В "Рабочем" Гумилев пожертвовал экзотическим миром, перекочевавшим к нему со страниц Купера, Стивенсона, Киплинга, осмелился взглянуть на свое отражение не в старинном венецианском зеркале, а на зыбкой поверхности "болотины проклятой", которой было суждено надолго поглотить его имя и лицо.
Гумилева называли вечным "шестнадцатилетним гимназистом". Что ж, отчасти это правда. Но все же он был особенным гимназистом: "Вот идут по аллее так странно нежны Гимназист с гимназисткой, как Дафнис и Хлоя". Гимназистка, шедшая с Гумилевым, тоже особенная - Аня Горенко, ставшая Анной Ахматовой.
Да, некоторые его стихи, когда-то бросавшие в дрожь поклонниц, смешно читать. Вся ранняя книга "Романтические цветы" приказала долго жить, за исключением "Жирафа" и "Приближается к Каиру судно...". Но такой шедевр, как "Шестое чувство", стоит целых книг. Какой же к черту Гумилев гимназист - он Учитель. У выросшей рядом с ним "гимназистки" нет стольких плохих стихов, как у него, а хороших гораздо больше, но равного "Шестому чувству" все-таки нет. И "Заблудившийся трамвай" - тоже одна из драгоценностей, как бы небрежно брошенная в сокровищницу русской поэзии.
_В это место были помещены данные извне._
Lemma outc_punishing h v k : outc punishing_profile h v k = plan h v k.
Proof.
suff plan_outc : forall k, plan (outc_hist punishing_profile h v k)
    (outc punishing_profile h v k) =1 shift (plan h v) k.
  by have := plan_outc k 0; rewrite plan0 /shift addn0.
elim=> [|{}k IH] m; first by rewrite /shift add0n.
rewrite outc_histS [outc _ _ _ k.+1]outcS plan_rcons /next_plan /punishing_profile eqxx.
by rewrite /shift IH /shift addnA addn1.
Qed.

Lemma plan_step_cost i p u b : connect (EX E F) x0 u -> EX E F u b ->
  (plan p u 1 != b -> own u = i) ->
  cle (CostX i (plan p u)) (CostX i (pcons u (plan (rcons p u) b))).
Proof.
move=> x0u ub deviator; rewrite plan_rcons /next_plan plan0.
case: eqP => [follow | /eqP deviation].
  have eP : pcons u (shift (plan p u) 1) =1 plan p u.
    by case=> [|k]; rewrite /= ?plan0 // /shift add1n.
  by rewrite (CostX_ext _ eP) cle_refl.
have ou := deviator deviation; rewrite ou.
case: (boolP (i \in u.2)) => iu; first by rewrite CostX_in ?plan0 // cle0.
rewrite CostX_pcons //; apply: (@cle_trans _ (lam u)).
  by rewrite -ou; apply/LamPlays_cost/plan_consistent.
rewrite lam_fixpoint ?ou //; apply: cle_succ; apply: cle_trans (big_cmin_le _ ub) _.
by apply: csup_le => c [r [rl ->]]; rewrite ou; apply: (punishP b i).2.
Qed.
Lemma pretvs_prod (E1 E2 : lmodType K) (op1 : set (set E1)) (op2 : set (set E2)) :
  is_pretvs op1 -> is_pretvs op2 -> is_pretvs (prod_open op1 op2 : set (set (E1 * E2)%type)).
Proof.
move=> [hT1 hI1 ha1 hs1] [hT2 hI2 ha2 hs2]; split.
- exact: prod_open_setT.
- exact: prod_open_setI.
- move=> [[x1 x2] [y1 y2]] _ O oO /= Oxy.
  have [O1 [O2 [oO1 oO2 O1x O2x sO]]] := oO _ Oxy.
  have [A1 [B1 [oA1 oB1 A1x B1y H1]]] := continuous2_rect ha1 oO1 O1x.
  have [A2 [B2 [oA2 oB2 A2x B2y H2]]] := continuous2_rect ha2 oO2 O2x.
  exists [set z : (E1 * E2) * (E1 * E2) | (A1 z.1.1 /\ A2 z.1.2) /\ (B1 z.2.1 /\ B2 z.2.2)].
    split => // z [[? ?] [? ?]].
    exists [set w | A1 w.1 /\ A2 w.2], [set w | B1 w.1 /\ B2 w.2].
    by split => //; apply: prod_open_rect.
  move=> [[a1 a2] [b1 b2]] _ /= [[? ?] [? ?]].
  by apply: (sO (a1 + b1) (a2 + b2)); [apply: H1 | apply: H2].
- move=> [t [x1 x2]] _ O oO /= Oxy.
  have [O1 [O2 [oO1 oO2 O1x O2x sO]]] := oO _ Oxy.
  have [T1 [A1 [oT1 oA1 T1t A1x H1]]] := continuous2_rect hs1 oO1 O1x.
  have [T2 [A2 [oT2 oA2 T2t A2x H2]]] := continuous2_rect hs2 oO2 O2x.
  exists [set z : K^o * (E1 * E2) | (T1 z.1 /\ T2 z.1) /\ (A1 z.2.1 /\ A2 z.2.2)].
    split => // z [[? ?] [? ?]].
    exists (T1 `&` T2), [set w | A1 w.1 /\ A2 w.2].
    by split => //; [apply: openK_setI | apply: prod_open_rect].
  move=> [s [a1 a2]] _ /= [[? ?] [? ?]].
  by apply: (sO (s *: a1) (s *: a2)); [apply: H1 | apply: H2].
Qed.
Получив на первой мировой двух "Георгиев" и гордясь ими, Гумилев не позволил превратить себя в "патриотическую куклу", которой манипулируют, как хотят, и, не уклоняясь от пуль, уклонился от участи "профессионального экспоната войны".
В отличие от Анны Андреевны - дамы с крутым и порой нетерпимым норовом я доверяю свидетельству Ирины Одоевцевой, увидевшей в столе у Гумилева пачки денег. Но надо ли верить его объяснениям, что эти деньги предназначались на нужды заговора? Гумилев любил рисково прихвастнуть. Почему не покрасоваться в ореоле заговорщика перед красавицей-ученицей? Неужели деньги бывают обязательно конспиративными? Да и ведут ли себя настоящие заговорщики, как Гумилев?
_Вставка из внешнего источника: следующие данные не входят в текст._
(* For any $t\in \mathbb{T}_n$ let $\hat{t}$ be its $(n\times n)$-matrix format, and let $J_n$ denote the $(n\times n)$ exchange matrix (the matrix whose entries are $1$ on the antidiagonal and $0$ everywhere else). Then $\hat{t}\, J_n$ is an uncurling metric of $\mathbb{T}_n$. Conversely, each member of the anti-rotor associated with $\mathbb{T}_n$ can be expressed as $\hat{t}\, J_n$ for some $t\in \mathbb{T}_n$.
   Context: An algebra means a real unital associative algebra with vector space of elements $\mathbb{R}^n$ (standard topology, standard basis, elements as column vectors). $\mathbb{T}_n$ is the $n$-dimensional algebra (under the usual matrix product) of real upper triangular Toeplitz $(n\times n)$-matrices; $s=(x_1,\dots,x_n)\in\mathbb{T}_n$ denotes the upper triangular Toeplitz matrix whose successive diagonals, starting with the main diagonal and moving right, have the constant values $x_1,\dots,x_n$. For an $n$-dimensional algebra $A$ with elements $s=(x_1,\dots,x_n)$ in an open ball of units centered at the identity $\mathbf{1}_A$, an uncurling metric is a real symmetric $(n\times n)$-matrix $L$ with $d\big((s^{-1})^T L\, \mathbf{d}s\big)=0$ on that ball, where $\mathbf{d}s=(dx_1,\dots,dx_n)^T$ and $d$ is the exterior derivative; the anti-rotor of $A$ is the real vector space of all uncurling metrics. *)

From HB Require Import structures.
From mathcomp Require Import all_boot all_order all_algebra.
From mathcomp Require Import all_classical all_reals all_analysis.
Set Implicit Arguments. Unset Strict Implicit. Unset Printing Implicit Defensive.
Import Order.TTheory GRing.Theory Num.Theory.
Local Open Scope ring_scope.

Section TToep.
Variables (R : realType) (n : nat).

(* The element s = (x_1,...,x_n) of T_n is the column vector s : 'cV_n,
   with x_{k+1} = s k 0 (0-based indices). *)

(* matrix format \hat s : upper triangular Toeplitz matrix whose k-th
   superdiagonal (k = j - i) is constantly s k 0 *)
Definition toep (s : 'cV[R]_n) : 'M[R]_n :=
  \matrix_(i, j) (if (i <= j)%N then \sum_(k : 'I_n | val k == (j - i)%N) s k 0 else 0).

Definition exch : 'M[R]_n :=
  \matrix_(i, j) (if (val i + val j == n.-1)%N then 1 else 0).

Definition oneT : 'cV[R]_n := \col_i (if val i == 0%N then 1 else 0).

(* s is a unit of the algebra T_n (product of T_n = matrix product of formats) *)
Definition unitT (s : 'cV[R]_n) : Prop :=
  exists u : 'cV[R]_n, toep s *m toep u = 1%:M /\ toep u *m toep s = 1%:M.

(* s^{-1}: the element whose matrix format is the inverse of \hat s, i.e. the
   first row of invmx (toep s) (read as a column vector) *)
Definition tinv (s : 'cV[R]_n) : 'cV[R]_n := (oneT^T *m invmx (toep s))^T.

Definition ebasis (k : 'I_n) : 'cV[R]_n := delta_mx k 0.

Definition eball (c : 'cV[R]_n) (r : R) : set 'cV[R]_n :=
  [set x | \sum_i (x i 0 - c i 0) ^+ 2 < r ^+ 2].

(* coefficient of dx_j in the 1-form (s^{-1})^T L ds *)
Definition form_coef (L : 'M[R]_n) (j : 'I_n) (s : 'cV[R]_n) : R :=
  \sum_i tinv s i 0 * L i j.

Definition pderiv (f : 'cV[R]_n -> R) (k : 'I_n) (s : 'cV[R]_n) : R :=
  derive1 (fun h : R => f (s + h *: ebasis k)) 0.

Definition has_pderiv (f : 'cV[R]_n -> R) (k : 'I_n) (s : 'cV[R]_n) : Prop :=
  derivable (fun h : R => f (s + h *: ebasis k)) 0 1.

(* L is an uncurling metric on the ball B(1, r): L real symmetric and
   d((s^{-1})^T L ds) = 0 on the ball, i.e. for all j k, the coefficient
   functions have partial derivatives and d_k f_j = d_j f_k. *)
Definition uncurling_on (r : R) (L : 'M[R]_n) : Prop :=
  L^T = L /\
  forall s, eball oneT r s -> forall j k : 'I_n,
    has_pderiv (form_coef L j) k s /\
    pderiv (form_coef L j) k s = pderiv (form_coef L k) j s.

End TToep.
Arguments oneT {R n}.
Arguments exch {R n}.

(* Write U = \hat s^-1 and S for the nilpotent shift matrix, so that
   \hat s = sum_p x_(p+1) S^p.  The coefficient of dx_j in (s^-1)^T L ds is
   (U L)_(0,j); since U commutes with S, its derivative along e_k is
   -(U S^k U L)_(0,j) = -(U^2 L)_(k,j).  Hence L is uncurling iff L and every
   U^2 L are symmetric on the ball.
   If L = \hat t J, then U^2 \hat t is again upper triangular Toeplitz, and every
   such T is persymmetric, T^T = J T J, so U^2 \hat t J is symmetric.
   Conversely, differentiating U^2 L at h = 0 along s = 1 + h e_k gives
   -2 S^k L, so every S^k L is symmetric; as (S^k)^T = J S^k J, this says that
   L J commutes with S, i.e. L J is some \hat t. *)

From HB Require Import structures.
From mathcomp Require Import all_boot all_order all_algebra.
From mathcomp Require Import all_classical all_reals all_analysis.
From mathcomp Require Import perm zify lra.
Set Implicit Arguments. Unset Strict Implicit. Unset Printing Implicit Defensive.
Import Order.TTheory GRing.Theory Num.Theory.
Import numFieldNormedType.Exports.
Local Open Scope ring_scope.

Section MatrixDerive.
Context {R : realFieldType} {V : normedModType R}.

Lemma is_derive_mxP m p (F : V -> 'M[R]_(m, p)) (x v : V) (D : 'M[R]_(m, p)) :
  is_derive x v F D <-> forall i j, is_derive x v (fun h => F h i j) (D i j).
Proof.
split=> [[dF <-] i j | dF].
  have dFij := (derivable_mxP F x v).1 dF i j.
  by apply: DeriveDef => //; rewrite derive_mx // mxE.
have dF' : derivable F x v by apply/derivable_mxP => i j; case: (dF i j).
apply: DeriveDef => //; rewrite derive_mx //.
by apply/matrixP => i j; rewrite mxE derive_val.
Qed.

Lemma is_derive_mulmx m p q (F : V -> 'M[R]_(m, p)) (G : V -> 'M[R]_(p, q))
    (x v : V) (DF : 'M[R]_(m, p)) (DG : 'M[R]_(p, q)) :
  is_derive x v F DF -> is_derive x v G DG ->
  is_derive x v (fun h => F h *m G h) (DF *m G x + F x *m DG).
Proof.
move=> /is_derive_mxP dF /is_derive_mxP dG; apply/is_derive_mxP => i j.
have -> : (fun h => (F h *m G h) i j) = \sum_l (fun h => F h i l * G h l j).
  by apply/funext => h; rewrite fct_sumE mxE.
rewrite !mxE -big_split /=; apply: is_derive_sum => l.
apply: is_derive_eq (is_deriveM (dF i l) (dG l j)) _.
by rewrite addrC; congr (_ + _); exact: mulrC.
Qed.

Lemma derivable_det m (F : V -> 'M[R]_m) (x v : V) :
  derivable F x v -> derivable (fun h => \det (F h)) x v.
Proof.
move=> /derivable_mxP dF.
have -> : (fun h => \det (F h)) =
    \sum_(s : 'S_m) (fun h => ((-1) ^+ s * \prod_i F h i (s i))).
  by apply/funext => h; rewrite fct_sumE.
elim/big_ind: _ => [||s _]; first exact: derivable_cst.
  by move=> f g df dg; have := derivableD df dg.
have dP : derivable (fun h => \prod_i F h i (s i)) x v.
  rewrite -fct_prodE; elim/big_ind: _ => [||i _]; first exact: derivable_cst.
    by move=> f g df dg; have := derivableM df dg.
  exact: dF.
exact: derivableM (derivable_cst _ _ _) dP.
Qed.

Lemma derivable_adj m (F : V -> 'M[R]_m) (x v : V) :
  derivable F x v -> derivable (fun h => \adj (F h)) x v.
Proof.
move=> dF; apply/derivable_mxP => i j.
have -> : (fun h => \adj (F h) i j) =
    (fun h => (-1) ^+ (j + i) * \det (row' j (col' i (F h)))).
  by apply/funext => h; rewrite mxE.
apply: (derivableM (derivable_cst _ _ _)).
apply: derivable_det; apply/derivable_mxP => a b.
have -> : (fun h => row' j (col' i (F h)) a b) =
    (fun h => F h (lift j a) (lift i b)).
  by apply/funext => h; rewrite !mxE.
exact: (derivable_mxP F x v).1.
Qed.

Lemma is_derive_trmx m p (F : V -> 'M[R]_(m, p)) (x v : V) (D : 'M[R]_(m, p)) :
  is_derive x v F D -> is_derive x v (fun h => (F h)^T) D^T.
Proof.
move=> /is_derive_mxP dF; apply/is_derive_mxP => i j.
by rewrite mxE; under eq_fun do rewrite mxE; exact: dF.
Qed.

Lemma is_derive_unique (W : normedModType R) (f : V -> W) (x v : V) (df1 df2 : W) :
  is_derive x v f df1 -> is_derive x v f df2 -> df1 = df2.
Proof. by move=> [_ <-] [_ <-]. Qed.

End MatrixDerive.

Section RealVariable.
Context {R : realFieldType}.

Lemma is_derive_affine m p (A E : 'M[R]_(m, p)) (x : R) :
  is_derive x 1 (fun h => A + h *: E) E.
Proof.
apply/is_derive_mxP => i j; under eq_fun do rewrite !mxE.
apply: is_derive_eq (is_deriveD (is_derive_cst (A i j) x 1)
  (is_deriveM (is_derive_id x 1) (is_derive_cst (E i j) x 1))) _.
by rewrite scaler0 !add0r; exact: mulr1.
Qed.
Далеко не все ученики Гумилева отличались способностями и преданностью Одоевцевой. Василий Немирович-Данченко рассказывает о поведении "пролетарских поэтов", с которыми Гумилев занимался: "Они могли бы спасти своего учителя... Они его жадно слушали, любили. Но когда понадобилось собраться всей аудиторией и пойти к комиссару Чека... они трусливо, малодушно и подло отреклись от Н.С. Гумилева.
- Знаете, мы справлялись по телефону, но нам оттуда посоветовали не мешаться в это дело..."
Владислав Ходасевич приводит красноречивое свидетельство:
"В начале 1922 года, когда театр, о котором перед арестом много хлопотал Гумилев, поставил его пьесу "Гондла", на генеральной репетиции, а потом и на первом представлении, публика стала вызывать:
- Автора!
Пьесу велели снять с репертуара".
Гумилева, по сути, не печатали лет шестьдесят. Но вот что поразительно: его книги не изымались из букинистической продажи даже в сталинские времена, ибо у поэта, расстрелянного за участие в контрреволюционном заговоре, не было ни одной контрреволюционной строки. Анна Ахматова приезжала на то место под Бернгардовкой, недалеко от Петрограда, где предположительно среди других бессудно расстрелянных был похоронен и Гумилев.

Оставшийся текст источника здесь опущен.